▸ **Prompt**
Among the records that follow, set down only the lines from the one containing "tens2E theta (sigmaO theta W) s i" to the one containing "apply: eq_bigr => i _;", both included, exactly.

Dataset extract Block Start

Lemma ci_pauli2 : ci R *: pauli2 R = mx_of_seq 2 [:: [:: 0; 1]; [:: -1; 0]].
Proof.
apply/matrixP => x y; rewrite !mxE.
by case: x => [[|[|?]] ?] //; case: y => [[|[|?]] ?] //=; rewrite ?mulr0 ?mulrN ?ci_sqr ?opprK.
Qed.

Definition gamma_entry (q : R[i]) (i b a : nat) : R[i] :=
  match i, b, a with
  | 0%N, 0%N, 3%N => -2 * q | 0%N, 2%N, 1%N => 2 * q^-1
  | 1%N, 0%N, 2%N => -2 * q^-1 | 1%N, 3%N, 1%N => -2 * q
  | 2%N, 1%N, 2%N => -2 * q | 2%N, 3%N, 0%N => 2 * q^-1
  | 3%N, 1%N, 3%N => 2 * q^-1 | 3%N, 2%N, 0%N => 2 * q
  | _, _, _ => 0
  end.

Lemma gamma_thetaE i b a : gam i b a = gamma_entry (eix (theta / 4)) i b a.
Proof.
rewrite /gamma_theta eixN ci_pauli2.
case: i => [[|[|[|[|?]]]] ?] //=; case: b => [[|[|[|[|?]]]] ?] //; case: a => [[|[|[|[|?]]]] ?] //;
  rewrite offdiagE /= ?mxE -?val_eqE /= ?inordK //=; ring.
Qed.

Lemma gamma_theta_clifford i j :
  gam i *m gam j + Rmat theta j i *: (gam j *m gam i) = (- 2 * ginv R i j) *: 1%:M.
Proof.
apply/matrixP => b a; rewrite /ginv !mxE !big_ord_recl !big_ord0 !gamma_thetaE /=.
rewrite eixN (eix_quarter theta); have := eix_neq0 (theta / 4); set q := eix (theta / 4) => q_neq0.
case: i => [[|[|[|[|?]]]] ?] //; case: j => [[|[|[|[|?]]]] ?] //;
case: b => [[|[|[|[|?]]]] ?] //; case: a => [[|[|[|[|?]]]] ?] //=; by field.
Qed.

Lemma Rmat_conj i j k : ginv R i j != 0 -> Rmat theta k i * Rmat theta k j = 1.
Proof.
rewrite /ginv !mxE.
case: i => [[|[|[|[|?]]]] ?] //; case: j => [[|[|[|[|?]]]] ?] //;
case: k => [[|[|[|[|?]]]] ?] //=; rewrite ?mulr0 ?eqxx // => _;
by rewrite ?mulr1 ?mul1r ?eixNK // mulrC eixNK.
Qed.

Lemma phiA_conj i j x : ginv R i j != 0 -> phiA i (phiA j x) = x.
Proof.
move=> gij; apply: funext => m; rewrite /phiA mulrA -big_split /= big1 ?mul1r // => k _.
by rewrite -exprMn Rmat_conj // expr1n.
Qed.

Lemma gamma2AE (V : Om2E R) b m :
  gamma2A theta V b m = \sum_i \sum_j \sum_a V i j a m * (gam i *m gam j) b a.
Proof.
rewrite /gamma2A /gammaA /id_gammaA; apply: eq_bigr => i _.
under eq_bigr do rewrite mulr_suml; rewrite exchange_big; apply: eq_bigr => j _.
under eq_bigr do rewrite mulr_suml; rewrite exchange_big; apply: eq_bigr => a _.
by rewrite mxE mulr_sumr; apply: eq_bigr => c _; rewrite mulrAC -mulrA.
Qed.

Lemma tens2E_sigmaO (W : Om2 R) (s : Esp R) i j a :
  tens2E theta (sigmaO theta W) s i j a = Ascale (Rmat theta i j) (tens2E theta W s j i a).
Proof. by rewrite /tens2E phiA_comm -AmulZl. Qed.

Lemma gamma2A_clifford (W : Om2 R) (s : Esp R) :
  addE (gamma2A theta (tens2E theta W s)) (gamma2A theta (tens2E theta (sigmaO theta W) s))
  = fun a => Amul (Ascale (-2) (ginvA W)) (s a).
Proof.
apply: funext => b; apply: funext => m; rewrite /addE /Aadd !gamma2AE.
under [X in _ + X]eq_bigr do under eq_bigr do under eq_bigr do rewrite tens2E_sigmaO.
rewrite [X in _ + X]exchange_big -big_split AmulZl /Ascale /ginvA Amul_suml mulr_sumr /=.
apply: eq_bigr => i _; rewrite -big_split Amul_suml mulr_sumr; apply: eq_bigr => j _.
have cliff a : (gam i *m gam j) b a + Rmat theta j i * (gam j *m gam i) b a
    = - 2 * ginv R i j * (b == a)%:R.
  by have := congr1 (fun M : 'M[R[i]]_4 => M b a) (gamma_theta_clifford i j); rewrite !mxE.
have factor (x y z t : R[i]) : x * y + z * x * t = x * (y + z * t) by ring.
rewrite -big_split /=; under eq_bigr => a _ do rewrite factor cliff.
rewrite (bigD1 b) //= big1 ?addr0 => [|a ne_ab]; last by rewrite eq_sym (negbTE ne_ab) !mulr0.
have -> : (fun m => W i j m * ginv R i j) = Ascale (ginv R i j) (W i j).
  by apply: funext => m'; rewrite /Ascale mulrC.
rewrite AmulZl /Ascale eqxx mulr1.
have [->|gij] := eqVneq (ginv R i j) 0; first by rewrite !(mulr0, mul0r).
by rewrite /tens2E phiA_conj //; ring.
Qed.

End GammaMatrices.

Theorem proposition4p6 (R : realType) (theta : R) (d : Aelt R -> 'I_4 -> Aelt R) :
  is_differential theta d ->
  (* Clifford relations *)
  (forall (w z : Om1 R) (s : Esp R),
     (forall i, finsupp (w i)) -> (forall i, finsupp (z i)) -> (forall a, finsupp (s a)) ->
     addE (gamma2A theta (tens2E theta (tensOO theta w z) s))
          (gamma2A theta (tens2E theta (sigmaO theta (tensOO theta w z)) s))
     = fun a => Amul theta (Ascale (-2) (ginvA (tensOO theta w z))) (s a))
  /\
  (* Clifford compatibility: nabla^sp o gamma = (id (x) gamma) o nabla^(x) *)
  (forall (w : Om1 R) (s : Esp R),
     (forall i, finsupp (w i)) -> (forall a, finsupp (s a)) ->
     nabla_sp d (gammaA theta (tensOE theta w s))
     = id_gammaA theta (nabla_tens theta d w s)).
Proof.
move=> d_diff; split=> [w z s _ _ _ | w s]; first exact: gamma2A_clifford.
exact: nabla_sp_gammaA.
Qed.
Fact dscaleA a b v : dscale a (dscale b v) = dscale (a * b) v.
Proof. by apply: dext => i; apply: scalerA. Qed.
Fact dscale1 : left_id 1 dscale. Proof. by move=> v; apply: dext => i; apply: scale1r. Qed.
Fact dscaleDr : right_distributive dscale dadd.
Proof. by move=> a u v; apply: dext => i; apply: scalerDr. Qed.
Fact dscaleDl v : {morph dscale^~ v : a b / a + b >-> dadd a b}.
Proof. by move=> a b; apply: dext => i; apply: scalerDl. Qed.
HB.instance Definition _ :=
  GRing.Zmodule_isLmodule.Build R dprod dscaleA dscale1 dscaleDr dscaleDl.

Lemma dprodD (a b : dprod) i : (a + b) i = a i + b i. Proof. by []. Qed.
Lemma dprodN (a : dprod) i : (- a) i = - a i. Proof. by []. Qed.
Lemma dprodZ r (a : dprod) i : (r *: a) i = r *: a i. Proof. by []. Qed.
End DependentProduct.

Section Injections.
Variables (R : nzRingType) (A B : lmodType R).
Fact inl_is_linear : linear (fun a : A => (a, 0 : B)).
Proof. by move=> r a b; congr pair; rewrite /= scaler0 addr0. Qed.
Fact inr_is_linear : linear (fun b : B => (0 : A, b)).
Proof. by move=> r a b; congr pair; rewrite /= scaler0 addr0. Qed.
End Injections.

Definition pp_free (R : nzRingType) n (phi : ppf R n) i (l : 'I_n) :=
  pp_mat phi i (lshift _ l).
Definition pp_bound (R : nzRingType) n (phi : ppf R n) i (b : 'I_(pp_m phi)) :=
  pp_mat phi i (rshift n b).
Arguments pp_free {R n} phi i l.
Arguments pp_bound {R n} phi i b.

Definition pp_eqn (R : nzRingType) (M : lmodType R) n (phi : ppf R n) (x : 'I_n -> M)
    (y : 'I_(pp_m phi) -> M) (i : 'I_(pp_k phi)) : M :=
  \sum_l pp_free phi i l *: x l + \sum_b pp_bound phi i b *: y b.
Arguments pp_eqn {R M n} phi x y i.

Section PPFormulas.
Variable R : nzRingType.

Lemma pp_satP (M : lmodType R) n (phi : ppf R n) (x : 'I_n -> M) :
  pp_sat phi x <-> exists y, forall i, pp_eqn phi x y i = 0.
Proof.
rewrite /pp_sat /pp_eqn /pp_free /pp_bound.
suff E y i : \sum_(j < n + pp_m phi) pp_mat phi i j *:
      (match split j with inl a => x a | inr b => y b end)
    = \sum_l pp_mat phi i (lshift _ l) *: x l + \sum_b pp_mat phi i (rshift n b) *: y b.
  by split=> -[y Hy]; exists y => i; rewrite ?E // -E.
by rewrite big_split_ord; congr (_ + _); apply: eq_bigr => j _;
  rewrite ?(unsplitK (inl _ j)) ?(unsplitK (inr _ j)).
Qed.

Lemma pp_eqn_hom (M N : lmodType R) (f : {linear M -> N}) n (phi : ppf R n) x y i :
  f (pp_eqn phi x y i) = pp_eqn phi (f \o x) (f \o y) i.
Proof.
by rewrite linearD !linear_sum; congr (_ + _); apply: eq_bigr => j _; rewrite linearZ.
Qed.

Lemma pp_hom (M N : lmodType R) (f : {linear M -> N}) n (phi : ppf R n) (x : 'I_n -> M) :
  pp_sat phi x -> pp_sat phi (f \o x).
Proof.
move=> /pp_satP[y Hy]; apply/pp_satP; exists (f \o y) => i.
by rewrite -pp_eqn_hom Hy linear0.
Qed.

Definition pp_of n m k (A : 'M[R]_(k, n)) (B : 'M[R]_(k, m)) : ppf R n := PPF (row_mx A B).

Lemma pp_ofP (M : lmodType R) n m k (A : 'M[R]_(k, n)) (B : 'M[R]_(k, m)) (x : 'I_n -> M) :
  pp_sat (pp_of A B) x <->
  exists y : 'I_m -> M, forall i, \sum_l A i l *: x l + \sum_b B i b *: y b = 0.
Proof.
rewrite pp_satP /pp_eqn /pp_free /pp_bound /=.
by under eq_exists => y do under eq_forall => i do
  rewrite (eq_bigr _ (fun l _ => congr1 (fun r => r *: _) (row_mxEl A B i l)))
          (eq_bigr _ (fun b _ => congr1 (fun r => r *: _) (row_mxEr A B i b))).
Qed.

Definition pp_zero : ppf R 1 := pp_of (1 : 'M[R]_(1, 1)) (0 : 'M[R]_(1, 0)).

Lemma pp_zeroP (V : lmodType R) (v : V) : pp_sat pp_zero (fun _ => v) <-> v = 0.
Proof.
rewrite pp_ofP; split=> [[y /(_ ord0)] | ->].
  by rewrite big_ord1 big_ord0 addr0 mxE scale1r.
by exists (fun _ => 0) => i; rewrite big_ord1 big_ord0 addr0 scaler0.
Qed.
Theorem proposition3p17 (p i l : nat) :
  prime p -> odd p -> (1 <= i)%N -> (i < p - 1)%N ->
  (1 <= l)%N -> (l <= i.+1)%N ->
  in_Zloc p (G p i l) /\
  (l = i.+1 -> O_p p (G p i l + 1)) /\
  ((l <= i)%N -> O_p p (G p i l)).
Proof.
move=> p_prime _ i_gt0 ip l_gt0 li; have Op := O_p_G_add p_prime i_gt0 ip l_gt0 li.
split; [|split].
- by rewrite -[G p i l](addrK (l == i.+1)%:R); apply/in_Zloc_subn/O_p_in_Zloc.
- by move=> El; move: Op; rewrite El eqxx.
- by move=> lei; move: Op; rewrite ltn_eqF ?ltnS // addr0.
Qed.
Lemma onem_cos_le (x : R) : 0 <= x -> 1 - cos x <= x ^+ 2 / 2.
Proof.
move=> x_ge0.
have f_df y : is_derive y (1 : R) (2^-1 *: id ^+ 2 + cos : R -> R) (y - sin y).
  apply: is_derive_eq.
  by rewrite expr1 scalerA [_ *: 1]mulr1 mulrA mulVf ?mul1r ?pnatr_eq0.
have := @ge0_derive_le_at0 _ _ f_df _ x x_ge0.
rewrite !fctE /= cos0 expr0n /= scaler0 add0r => le_at0.
suff : 1 <= 2^-1 * x ^+ 2 + cos x by lra.
by apply: le_at0 => y y_gt0; rewrite subr_ge0 sin_le_id // ltW.
Qed.

Lemma sin_ge_cubic (x : R) : 0 <= x -> x - x ^+ 3 / 6 <= sin x.
Proof.
move=> x_ge0.
have f_df y : is_derive y (1 : R) (sin - id + 6^-1 *: id ^+ 3 : R -> R)
    (cos y - 1 + y ^+ 2 / 2).
  apply: is_derive_eq (is_deriveD (is_deriveB (is_derive_sin y) (is_derive_id y 1))
    (is_deriveZ (6^-1) (is_deriveX 3 (is_derive_id y 1)))) _.
  by rewrite /GRing.scale /=; field.
have := @ge0_derive_le_at0 _ _ f_df _ x x_ge0.
rewrite !fctE /= sin0 expr0n /= scaler0 => le_at0.
suff : 0 - 0 + 0 <= sin x - x + 6^-1 * x ^+ 3 by lra.
by apply: le_at0 => y y_gt0; have := @onem_cos_le y (ltW y_gt0); lra.
Qed.

Lemma onem_cos_ge (x : R) : 0 <= x -> x ^+ 2 / 2 - x ^+ 4 / 24 <= 1 - cos x.
Proof.
move=> x_ge0.
have f_df y : is_derive y (1 : R)
    (24^-1 *: id ^+ 4 - 2^-1 *: id ^+ 2 - cos : R -> R) (sin y - y + y ^+ 3 / 6).
  by apply: is_derive_eq; rewrite /GRing.scale /=; field.
have := @ge0_derive_le_at0 _ _ f_df _ x x_ge0.
rewrite !fctE /= cos0 !expr0n /= !scaler0 => le_at0.
suff : 0 - 0 - 1 <= 24^-1 * x ^+ 4 - 2^-1 * x ^+ 2 - cos x by lra.
by apply: le_at0 => y y_gt0; have := @sin_ge_cubic y (ltW y_gt0); lra.
Qed.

Dataset extract Block End

▸ **Your solution**
  tens2E theta (sigmaO theta W) s i j a = Ascale (Rmat theta i j) (tens2E theta W s j i a).
Proof. by rewrite /tens2E phiA_comm -AmulZl. Qed.

Lemma gamma2A_clifford (W : Om2 R) (s : Esp R) :
  addE (gamma2A theta (tens2E theta W s)) (gamma2A theta (tens2E theta (sigmaO theta W) s))
  = fun a => Amul (Ascale (-2) (ginvA W)) (s a).
Proof.
apply: funext => b; apply: funext => m; rewrite /addE /Aadd !gamma2AE.
under [X in _ + X]eq_bigr do under eq_bigr do under eq_bigr do rewrite tens2E_sigmaO.
rewrite [X in _ + X]exchange_big -big_split AmulZl /Ascale /ginvA Amul_suml mulr_sumr /=.
apply: eq_bigr => i _; rewrite -big_split Amul_suml mulr_sumr; apply: eq_bigr => j _.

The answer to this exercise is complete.